Total cost on this corridor breaks into two components: the upfront flat fee (typically EUR 0-6 with fintechs, EUR 15-35 with banks) and the exchange rate markup, which is where 80% of hidden costs live. The mid-market EUR/MXN rate in Q2 2026 hovers around 19.80, but banks frequently quote 18.70-19.10, embedding a 3.5-5% spread. On a EUR 1,000 transfer, that spread costs MXN 700-1,000 — often 10-20x more than the visible fee. Always compare the final MXN amount received, not the headline fee.
Wise consistently leads on transparency, applying the true interbank EUR/MXN rate with a fixed fee of roughly 0.43-0.58% of the transfer amount — for EUR 1,000, expect a total cost near EUR 5-7. Remitly competes aggressively on first-transfer promotional rates and economy delivery (often beating Wise by 0.2-0.4% on amounts above EUR 500). Revolut Premium/Metal users get interbank rates on weekdays but face a 1% weekend surcharge, while WorldRemit sits mid-pack with EUR 1.99-3.99 flat fees and a 1.2-1.8% margin. Versus AIB or Bank of Ireland, you save between 3% and 8% of the transfer value — meaningful on any amount above EUR 300.

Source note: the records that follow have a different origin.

(* Let $y$ be a single real variable and $x=(x_1,\dots,x_n)$ real variables, and let $f(x,y)\in\mathbb R[x,y]$. Assume that for every $y_0\in\mathbb R$ the specialized polynomial $f(\cdot,y_0)\in\mathbb R[x]$ is a square in $\mathbb R[x]$. Then there exist $g(y)\in\mathbb R[y]$ and $h(x,y)\in\mathbb R[x,y]$ such that \[ f(x,y)=g(y)\,h(x,y)^2. \] *)

From HB Require Import structures.
From mathcomp Require Import all_boot all_order all_algebra.
From mathcomp Require Import reals.
From mathcomp Require Import mpoly.
Set Implicit Arguments. Unset Strict Implicit. Unset Printing Implicit Defensive.

From HB Require Import structures.
From mathcomp Require Import all_boot all_order all_algebra.
From mathcomp Require Import reals boolp.
From mathcomp Require Import mpoly complex.
From mathcomp Require Import ring.
Import Order.TTheory GRing.Theory Num.Theory.
Set Implicit Arguments. Unset Strict Implicit. Unset Printing Implicit Defensive.
Local Open Scope ring_scope.

(* Let x^M be the largest monomial of f, viewed as a polynomial in x with
   coefficients in R[y], and cM(y) its coefficient.  Whenever cM(y0) != 0, the
   square f(., y0) equals cM(y0) s^2 for an s with leading monomial x^N, where
   M = 2N, and leading coefficient 1.  Comparing coefficients of x^(N+m) in
   this identity, from the top down, writes every coefficient of s as a
   polynomial in y0 divided by a power of cM(y0); hence cM^j s is the
   specialisation at y0 of a single S(x, y), and f cM^(2j+1) = (cM S)^2 because
   both sides agree for infinitely many y0.
   It remains to remove the factor d = cM^(2j+1) from a relation
   f d = e S^2.  If d is not constant, take a complex root z of d and its
   minimal polynomial p over R.  Specialising y to z gives e(z) S(x, z)^2 = 0,
   so p divides e or every coefficient of S, and p cancels from d. *)

Lemma poly_nat_roots0 (B : idomainType) (p : {poly B}) :
  injective (fun i : nat => i%:R : B) -> (forall i : nat, p.[i%:R] = 0) -> p = 0.
Proof.
move=> natr_inj p_nat0; apply/eqP; apply: contraT => nz_p.
have := max_poly_roots (rs := [seq i%:R | i <- iota 0 (size p)]) nz_p.
rewrite size_map size_iota ltnn; apply.
  by apply/allP => _ /mapP[i _ ->]; apply/rootP.
by rewrite map_inj_uniq ?iota_uniq.
Qed.

Lemma poly_nat_nonroot (B : idomainType) (p : {poly B}) :
  injective (fun i : nat => i%:R : B) -> p != 0 -> exists i : nat, p.[i%:R] != 0.
Proof.
move=> natr_inj /negP nz_p; apply: contra_notP nz_p => no_nonroot.
apply/eqP/poly_nat_roots0 => // i; apply/eqP.
by apply: contra_notT no_nonroot; exists i.
Qed.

Speed varies inversely with cost. Instant options (Wise's "Fast" rail, Remitly Express, WorldRemit cash pickup) settle in under 10 minutes but cost 0.5-1.5% more. Standard SEPA-funded transfers land in 1-2 business days at the lowest fees. Bank wires via Irish pillar banks take 2-5 business days and rarely justify the price. Use instant rails only for emergencies or when MXN volatility is rising; otherwise economy mode captures 95% of the value at a fraction of the cost.
The two largest receiving banks are BBVA México (controlling ~23% of deposits) and Banorte, and all major digital providers — Wise, Remitly, Revolut, WorldRemit — deliver directly into CLABE accounts at both, plus Santander México, HSBC, and Banco Azteca. Bank deposits via Banxico's SPEI system clear instantly, 24/7, including weekends and holidays. For unbanked recipients, Mexico's OXXO cash pickup network spans 19,000+ stores nationwide, making it one of the easiest countries to receive cash remittances without a bank account — Remitly and WorldRemit lead here. Mobile wallets like Mercado Pago and Spin by OXXO are increasingly supported, though coverage varies by provider.

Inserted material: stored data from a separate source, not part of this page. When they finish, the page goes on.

(* Let $F$ be a field, let $A$ be a finitely generated associative unital $F$-algebra, and let $n\ge 1$. Then the matrix algebra $M_n(A)$ of $n\times n$ matrices over $A$ is finitely presented if and only if $A$ is finitely presented.
   Context: An associative unital $F$-algebra $A$ is finitely presented if it is generated by finitely many elements $a_1,\dots,a_m$ and the kernel of the homomorphism $F\langle x_1,\dots,x_m\rangle\to A$, $x_i\mapsto a_i$, from the free associative algebra is finitely generated as a two-sided ideal (this does not depend on the choice of finite generating set). *)

From mathcomp Require Import all_boot all_order all_algebra.
Set Implicit Arguments. Unset Strict Implicit. Unset Printing Implicit Defensive.
Import GRing.Theory.
Local Open Scope ring_scope.

(* The free associative unital algebra F<x_0,...,x_(m-1)> is modelled as formal
   finite F-linear combinations of words in the letters 'I_m, two formal sums
   being identified when they have the same coefficient on every word.       *)
Definition word (m : nat) := seq 'I_m.
Definition ncpoly (F : Type) (m : nat) := seq (F * word m).

Section FreeAlg.
Variables (F : nzRingType) (m : nat).

Definition nccoef (p : ncpoly F m) (w : word m) : F :=
  \sum_(e <- p | e.2 == w) e.1.

Definition ncequiv (p q : ncpoly F m) : Prop :=
  forall w, nccoef p w = nccoef q w.

Definition nceval (R : pzRingType) (s : F -> R) (a : 'I_m -> R)
  (p : ncpoly F m) : R :=
  \sum_(e <- p) s e.1 * \prod_(i <- e.2) a i.

Definition ncsandwich (c : F) (u : word m) (r : ncpoly F m) (u' : word m)
  : ncpoly F m := [seq (c * e.1, u ++ e.2 ++ u') | e <- r].

Definition in_ideal (k : nat) (rels : 'I_k -> ncpoly F m) (p : ncpoly F m)
  : Prop :=
  exists t : seq (F * word m * 'I_k * word m),
    ncequiv p (flatten [seq ncsandwich t_.1.1.1 t_.1.1.2 (rels t_.1.2) t_.2
                       | t_ <- t]).
End FreeAlg.

Section FP.
Variables (F : fieldType) (R : pzRingType) (s : F -> R).

Definition generates (m : nat) (a : 'I_m -> R) : Prop :=
  forall x : R, exists p : ncpoly F m, nceval s a p = x.

Definition fg_kernel (m : nat) (a : 'I_m -> R) : Prop :=
  exists (k : nat) (rels : 'I_k -> ncpoly F m),
    (forall i, nceval s a (rels i) = 0) /\
    (forall p : ncpoly F m, nceval s a p = 0 -> in_ideal rels p).

Definition fin_gen_with : Prop :=
  exists (m : nat) (a : 'I_m -> R), generates a.

Definition fin_pres_with : Prop :=
  exists (m : nat) (a : 'I_m -> R), generates a /\ fg_kernel a.
End FP.

Definition fin_gen_alg (F : fieldType) (A : algType F) : Prop :=
  fin_gen_with (fun c : F => c%:A : A).
Definition fin_pres_alg (F : fieldType) (A : algType F) : Prop :=
  fin_pres_with (fun c : F => c%:A : A).

Definition fin_pres_matrix (F : fieldType) (A : algType F) (n : nat) : Prop :=
  fin_pres_with (fun c : F => (c%:A)%:M : 'M[A]_n).

From HB Require Import structures.
From mathcomp Require Import all_boot all_order all_algebra.
From mathcomp Require Import finmap.
From mathcomp.multinomials Require Import monalg.
Set Implicit Arguments. Unset Strict Implicit. Unset Printing Implicit Defensive.
Import GRing.Theory.
Local Open Scope ring_scope.

(* Whether the kernel of
   a finite generating family is a finitely generated ideal does not depend on
   the family (Tietze transformations), so M_n(A) may be presented on the
   matrix units e_ij together with the scalar matrices of generators a_l of A.
   The entries of the lifts to M_n(F<a>) of relations of M_n(A) present A.
   Conversely, relations of A together with e_ij e_kl = [j = k] e_il,
   sum_i e_ii = 1 and a_l e_ij = e_ij a_l present M_n(A): modulo them every g
   is congruent to sum_ij e_i0 psi(g)_ij e_0j, where psi : F<e, a> -> M_n(F<a>)
   is the evaluation at the lifted generators, and this lies in the ideal of
   the relations as soon as g vanishes in M_n(A). *)

(** * Free algebras *)

Notation falg F I := {malg F[fmonom I]}.

Definition fX (F : nzRingType) (I : choiceType) (i : I) : falg F I := << fmu i >>.
Arguments fX {F I} i.

Section WordEval.
Variables (S : nzRingType) (I : choiceType) (a : I -> S).

Definition word_eval (k : fmonom I) : S := \prod_(i <- k) a i.

Fact word_eval_is_mmorphism : mmorphism word_eval.
Proof. by split=> [k1 k2|]; rewrite /word_eval ?fmM ?fm1 ?big_cat ?big_nil. Qed.
HB.instance Definition _ :=
  isMultiplicative.Build (fmonom I) S word_eval word_eval_is_mmorphism.
End WordEval.

Definition central_rmorph (R S : nzRingType) (s : R -> S) :=
  forall c x, GRing.comm (s c) x.

Section Evaluation.
Variables (F : comNzRingType) (S : nzRingType) (s : {rmorphism F -> S}).

(* The centrality proof is an argument of [feval], as for [horner_morph], so
   that [feval hs a] carries a canonical ring morphism structure. *)
Definition feval of central_rmorph s :=
  fun (I : choiceType) (a : I -> S) => mmap s (word_eval a).

Variables (hs : central_rmorph s) (I : choiceType) (a : I -> S).

HB.instance Definition _ := GRing.Additive.copy (feval hs a) (mmap s (word_eval a)).

Fact feval_is_monoid_morphism : monoid_morphism (feval hs a).
Proof.
have [fM f1] := commr_mmap_is_multiplicative (fun g k k' => hs g@_k (word_eval a k')).
by split.
Qed.
HB.instance Definition _ := GRing.isMonoidMorphism.Build _ _ (feval hs a)
  feval_is_monoid_morphism.

Lemma fevalU c k : feval hs a << c *g k >> = s c * word_eval a k.
Proof. exact: mmapU. Qed.

Lemma fevalC c : feval hs a c%:MP = s c.
Proof. exact: mmapC. Qed.

Lemma fevalX i : feval hs a (fX i) = a i.
Proof. by rewrite /feval mmapU /= rmorph1 mul1r /word_eval fmU big_seq1. Qed.
End Evaluation.

Section FreeAlgebra.
Variables (F : comNzRingType) (I : choiceType).

Lemma malgU_prod (c : F) (k : fmonom I) :
  << c *g k >> = c%:MP * \prod_(i <- k) (fX i : falg F I).
Proof.
suff -> : \prod_(i <- k) (fX i : falg F I) = << k >>.
  by rewrite malgM_def fgmulUU mulr1 mul1m.
case: k => w; elim: w => [|i w IH] /=.
  by rewrite big_nil -mpolyC1E; congr << _ *g _ >>; apply: val_inj; rewrite /= fm1.
rewrite big_cons IH /fX malgM_def fgmulUU mulr1; congr << _ *g _ >>.
by apply: val_inj; rewrite /= fmM fmU.
Qed.

Lemma falg_ind (P : falg F I -> Prop) :
  (forall c, P c%:MP) -> (forall i, P (fX i)) ->
  (forall g h, P g -> P h -> P (g + h)) -> (forall g h, P g -> P h -> P (g * h)) ->
  forall g, P g.
Proof.
move=> PC PX PD PM g; rewrite (monalgE g); apply: big_ind => [||k _].
- by rewrite -malgC0E.
- exact: PD.
rewrite malgU_prod; apply: (PM) => //; apply: big_ind => [|//|i _]; last exact: PX.
by rewrite -mpolyC1E.
Qed.

Lemma eq_falg_rmorph (S : nzRingType) (f g : {rmorphism falg F I -> S}) :
  (forall c, f c%:MP = g c%:MP) -> (forall i, f (fX i) = g (fX i)) -> f =1 g.
Proof.
move=> eqC eqX; elim/falg_ind => [c|i|p q eq_p eq_q|p q eq_p eq_q].
- exact: eqC.
- exact: eqX.
- by rewrite !rmorphD eq_p eq_q.
- by rewrite !rmorphM eq_p eq_q.
Qed.

Lemma eq_feval (S : nzRingType) (s : {rmorphism F -> S}) (hs : central_rmorph s)
    (a b : I -> S) :
  a =1 b -> feval hs a =1 feval hs b.
Proof.
move=> eq_ab; apply: (eq_falg_rmorph (f := feval hs a) (g := feval hs b)) => [c|i] /=.
  by rewrite !fevalC.
by rewrite !fevalX.
Qed.

Lemma malgC_central : central_rmorph (@malgC (fmonom I) F).
Proof.
move=> c g; rewrite /GRing.comm !malgM_def fgmulUg fgmulgU.
by apply: eq_bigr => k _; rewrite mulrC mul1m mulm1.
Qed.
End FreeAlgebra.

Notation fsubst := (feval (@malgC_central _ _)).

Section Substitution.
Variables (F : comNzRingType) (S : nzRingType) (s : {rmorphism F -> S}).
Variables (hs : central_rmorph s) (I J : choiceType) (P : I -> falg F J).

Lemma feval_fsubst (b : J -> S) g :
  feval hs b (fsubst P g) = feval hs (feval hs b \o P) g.
Proof.
apply: (eq_falg_rmorph (f := feval hs b \o fsubst P)
                       (g := feval hs (feval hs b \o P))) => [c|i] /=.
  by rewrite !fevalC.
by rewrite !fevalX.
Qed.
End Substitution.

(** * Two-sided ideals spanned by finite families *)

Inductive ideal_span (R : pzRingType) (rs : seq R) : R -> Prop :=
| ideal_span0 : ideal_span rs 0
| ideal_spanM l r u : r \in rs -> ideal_span rs (l * r * u)
| ideal_spanD x y : ideal_span rs x -> ideal_span rs y -> ideal_span rs (x + y).

Section IdealSpan.
Variables (R : pzRingType) (rs : seq R).

Lemma ideal_span_mem r : r \in rs -> ideal_span rs r.
Proof. by move=> r_rs; have := ideal_spanM 1 1 r_rs; rewrite mul1r mulr1. Qed.

Lemma ideal_spanMl l x : ideal_span rs x -> ideal_span rs (l * x).
Proof.
elim=> [|l' r u r_rs|y z _ Iy _ Iz]; first by rewrite mulr0; apply: ideal_span0.
  by rewrite !mulrA; apply: ideal_spanM.
by rewrite mulrDr; apply: ideal_spanD.
Qed.

Lemma ideal_spanMr u x : ideal_span rs x -> ideal_span rs (x * u).
Proof.
elim=> [|l r u' r_rs|y z _ Iy _ Iz]; first by rewrite mul0r; apply: ideal_span0.
  by rewrite -mulrA; apply: ideal_spanM.
by rewrite mulrDl; apply: ideal_spanD.
Qed.

Lemma ideal_span_sum (T : Type) (r : seq T) (P : pred T) (G : T -> R) :
  (forall x, P x -> ideal_span rs (G x)) -> ideal_span rs (\sum_(x <- r | P x) G x).
Proof. by move=> IG; apply: big_ind => //; [apply: ideal_span0 | apply: ideal_spanD]. Qed.

Lemma ideal_span_subset rs' x : {subset rs <= rs'} -> ideal_span rs x -> ideal_span rs' x.
Proof.
move=> sub; elim=> [|l r u r_rs|x1 x2 _ I1 _ I2]; first exact: ideal_span0.
  by apply: ideal_spanM; apply: sub.
exact: ideal_spanD.
Qed.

Mexico does not tax inbound personal remittances; recipients receive 100% of the converted amount with no withholding. However, transfers exceeding USD 10,000 equivalent (roughly EUR 9,200) trigger Banxico anti-money-laundering reporting, and recipients should expect identity verification at pickup. On the Irish side, personal gifts under EUR 3,000 per year per recipient fall within the Capital Acquisitions Tax small gift exemption; business payments require invoice documentation for VAT and corporate tax purposes. Banxico's SPEI system underpins the entire domestic clearing infrastructure, which is why deposits to BBVA or Banorte arrive within seconds of provider release.
EUR/MXN typically shows lowest volatility between 08:00-12:00 GMT, when both European and early Mexican market sessions overlap. Set rate alerts on Wise or Revolut at 0.5-1% above the current rate to capture favorable moves — historically, a 2-3% swing occurs every 4-6 weeks. For transfers above EUR 5,000, consider splitting across two dates or using a forward contract via providers like CurrencyFair. Avoid sending on weekends if using Revolut (1% surcharge) and around Mexican Banxico policy announcements (last Thursday of the month), which can move MXN by 1-2% intraday.